PROBLEM – Where "rewrite" occurs in a line of the entries below, copy that line.

(Data extracted from a collection)
--------------------------------------------------

Theorem lemmaA1 (R : realType) (dO dM : measure_display)
  (Omega : measurableType dO) (P : probability Omega R)
  (M : measurableType dM) (dist : M -> M -> R) (mu : probability M R)
  (d n : nat) (X : 'I_n.+1 -> Omega -> M) (x : M) (Q Rr : R) :
  is_metric dist ->
  (forall y r, measurable (oball dist y r)) ->
  (0 < d)%N ->
  iid_from P mu X ->
  0 < Q -> 0 < Rr ->
  (forall r, 0 < r <= Rr -> ((Q * r ^+ d)%:E <= mu (oball dist x r))%E) ->
  forall lam : R, 0 < lam ->
  (\int[lebesgue_measure]_(r in `[0%R, (lam ^+ 2 * Rr ^+ 2)%R])
      P [set w | (Num.sqrt r / lam < dist x (nearest dist X x w))%R]
   <= (2 * lam ^+ 2 * (n.+1)%:R `^ (- (2 / d%:R))
        / (1 - expR (- Q)) ^+ 2)%:E)%E.
Proof.
move=> _ measurable_ball d_gt0 iidX Q_gt0 Rr_gt0 growth lam lam_gt0.
have l_gt0 : (0 : R) < n.+1%:R by rewrite ltr0n.
set a := scale_grid lam n.+1%:R d.
have [N lt_aN] := exists_scale_grid_gt lam_gt0 l_gt0 d_gt0 _
  (mulr_ge0 (sqr_ge0 lam) (sqr_ge0 Rr)).
have q_in : 0 <= expR (- Q) < 1 by rewrite expR_ge0 expR_lt1 oppr_lt0.
apply: (@le_trans _ _ (\int[lebesgue_measure]_(r in `[0%R, (lam ^+ 2 * Rr ^+ 2)%R])
  \sum_(m < N) (expR (- Q) ^+ m * \1_[set` `[a m, a m.+1[%R] r)%:E))%E.
  apply: ge0_le_integral_nonmeasurable => [r _|r]; first exact: measure_ge0.
  rewrite /= in_itv /= => /andP[r_ge0 r_le].
  apply: (@le_sum_indic_itv _ a (fun m => expR (- Q) ^+ m)) => [m|m /andP[a_le _]|].
  + by apply: exprn_ge0; case/andP: q_in.
  + apply: (prob_nearest_far_le_geometric (measurable_ball x) iidX d_gt0
      (ltW Q_gt0) (ltW Rr_gt0) lam_gt0 growth).
    by rewrite a_le r_le.
  + by rewrite /a scale_grid0 // r_ge0 (le_lt_trans r_le lt_aN).
apply: le_trans (integral_sum_indic_itv_le _ _ _) _.
- exact: measurable_itv.
- by move=> m; apply: exprn_ge0; case/andP: q_in.
- exact: scale_grid_le_succ.
by rewrite lee_fin sum_geometric_scale_grid_le.
Qed.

--------------------------------------------------

RESPONSE FOR THIS EXERCISE –
have l_gt0 : (0 : R) < n.+1%:R by rewrite ltr0n.
have q_in : 0 <= expR (- Q) < 1 by rewrite expR_ge0 expR_lt1 oppr_lt0.
  rewrite /= in_itv /= => /andP[r_ge0 r_le].
    by rewrite a_le r_le.
  + by rewrite /a scale_grid0 // r_ge0 (le_lt_trans r_le lt_aN).
by rewrite lee_fin sum_geometric_scale_grid_le.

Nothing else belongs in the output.